## PROBLEM DESCRIPTION:
Beginning with the first line and ending with the one containing "unfold Rminus at", copy the lines of the listing below exactly; omit everything else.

## GIVEN RECORDS:
Lemma phase_lipschitz l1 k1 l2 k2 :
  Rabs (phase l1 k1 - phase l2 k2) <= 8 / U * (Rabs (l1 - l2) + Rabs (k1 - k2)).
Proof.
  unfold phase.
  set (s1 := sin (k1 + phi)). set (s2 := sin (k2 + phi)).
  assert (Hs : Rabs (s1 - s2) <= Rabs (k1 - k2)).
  { replace (k1 - k2) with (k1 + phi - (k2 + phi)) by ring. apply sin_lipschitz. }
  assert (Ht : Rabs ((l1 - l2) - (s1 - s2)) <= Rabs (l1 - l2) + Rabs (k1 - k2)).
  { unfold Rminus at 1. eapply Rle_trans; [apply Rabs_triang|]. rewrite Rabs_Ropp. lra. }
  pose proof (atan_lipschitz ((l1 - s1) / (U / 4)) ((l2 - s2) / (U / 4))) as Ha.
  replace ((l1 - s1) / (U / 4) - (l2 - s2) / (U / 4)) with (((l1 - l2) - (s1 - s2)) * (4 / U))
    in Ha by (field; lra).
  rewrite Rabs_mult, (Rabs_right (4 / U)) in Ha by (apply Rle_ge, Rlt_le, Rdiv_lt_0_compat; lra).
  replace (2 * atan ((l1 - s1) / (U / 4)) - 2 * atan ((l2 - s2) / (U / 4)))
    with (2 * (atan ((l1 - s1) / (U / 4)) - atan ((l2 - s2) / (U / 4)))) by ring.
  rewrite Rabs_mult, (Rabs_right 2) by lra.
  assert (H4 : 0 < 4 / U) by (apply Rdiv_lt_0_compat; lra).
  replace (8 / U) with (2 * (4 / U)) by (field; lra).
  pose proof (Rmult_le_compat_r _ _ _ (Rlt_le _ _ H4) Ht). nra.
Qed.

End Phase.

Definition target (n m : nat) : R := (2 * INR m - INR n) * PI.

Section CountingFunction.
Variables (L : nat) (U phi : R).
Hypothesis U_pos : 0 < U.
Hypothesis L_large : 8 / U < INR L.

Let L_pos : 0 < INR L.
Proof. assert (0 < 8 / U) by (apply Rdiv_lt_0_compat; lra). lra. Qed.

Definition counting (lam k : R) : R := k * INR L - phase U phi lam k.

Lemma counting_lt lam k1 k2 : k1 < k2 -> counting lam k1 < counting lam k2.
Proof.
  intros Hk. unfold counting.
  pose proof (phase_lipschitz U phi U_pos lam k2 lam k1) as H.
  rewrite Rminus_diag, Rabs_R0, Rplus_0_l, (Rabs_right (k2 - k1)) in H by lra.
  pose proof (Rle_abs (phase U phi lam k2 - phase U phi lam k1)).
  assert (8 / U * (k2 - k1) < INR L * (k2 - k1)) by (apply Rmult_lt_compat_r; lra).
  lra.
Qed.

Lemma counting_le_reflect lam k1 k2 : counting lam k1 <= counting lam k2 -> k1 <= k2.
Proof.
  intros H. destruct (Rle_lt_dec k1 k2) as [Hk|Hk]; [exact Hk|].
  pose proof (counting_lt lam _ _ Hk). lra.
Qed.

Lemma counting_add_2PI_Z lam k (j : Z) :
  counting lam (k + 2 * PI * IZR j) = counting lam k + 2 * PI * IZR j * INR L.
Proof. unfold counting. rewrite phase_add_2PI_Z. ring. Qed.

Lemma counting_continuous lam : continuity (counting lam).
Proof.
  apply (lipschitz_continuity _ (INR L + 8 / U)). intros x y. unfold counting.
  pose proof (phase_lipschitz U phi U_pos lam x lam y) as H.
  rewrite Rminus_diag, Rabs_R0, Rplus_0_l in H.
  replace (x * INR L - phase U phi lam x - (y * INR L - phase U phi lam y))
    with ((x - y) * INR L + - (phase U phi lam x - phase U phi lam y)) by ring.
  eapply Rle_trans; [apply Rabs_triang|].
  rewrite Rabs_Ropp, Rabs_mult, (Rabs_right (INR L)) by lra. lra.
Qed.

(* The phase lies in (-PI, PI), so [counting] changes sign on [(v - PI)/L, (v + PI)/L]. *)
Lemma counting_surjective lam v : exists k, counting lam k = v.
Proof.
  set (f := fun k => counting lam k - v).
  assert (Hf : continuity f).
  { apply continuity_minus; [apply counting_continuous|apply continuity_const; now intros ? ?]. }
  pose proof PI_RGT_0.
  assert (Hlo : f ((v - PI) / INR L) < 0).
  { unfold f, counting. pose proof (phase_bounds U phi lam ((v - PI) / INR L)).
    replace ((v - PI) / INR L * INR L) with (v - PI) by (field; lra). lra. }
  assert (Hhi : 0 < f ((v + PI) / INR L)).
  { unfold f, counting. pose proof (phase_bounds U phi lam ((v + PI) / INR L)).
    replace ((v + PI) / INR L * INR L) with (v + PI) by (field; lra). lra. }
  assert (Hord : (v - PI) / INR L < (v + PI) / INR L).
  { unfold Rdiv. apply Rmult_lt_compat_r; [apply Rinv_0_lt_compat|]; lra. }
  destruct (IVT f _ _ Hf Hord Hlo Hhi) as [k [_ Hk]].
  exists k. unfold f in Hk. lra.
Qed.

Definition counting_root (lam : R) (I : Z) : R :=
  epsilon (inhabits 0) (fun k => counting lam k = PI + 2 * PI * IZR I).

Lemma counting_root_spec lam I : counting lam (counting_root lam I) = PI + 2 * PI * IZR I.
Proof. unfold counting_root. apply epsilon_spec, counting_surjective. Qed.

## ANSWER BOX:
Lemma phase_lipschitz l1 k1 l2 k2 :
  Rabs (phase l1 k1 - phase l2 k2) <= 8 / U * (Rabs (l1 - l2) + Rabs (k1 - k2)).
Proof.
  unfold phase.
  set (s1 := sin (k1 + phi)). set (s2 := sin (k2 + phi)).
  assert (Hs : Rabs (s1 - s2) <= Rabs (k1 - k2)).
  { replace (k1 - k2) with (k1 + phi - (k2 + phi)) by ring. apply sin_lipschitz. }
  assert (Ht : Rabs ((l1 - l2) - (s1 - s2)) <= Rabs (l1 - l2) + Rabs (k1 - k2)).
  { unfold Rminus at 1. eapply Rle_trans; [apply Rabs_triang|]. rewrite Rabs_Ropp. lra. }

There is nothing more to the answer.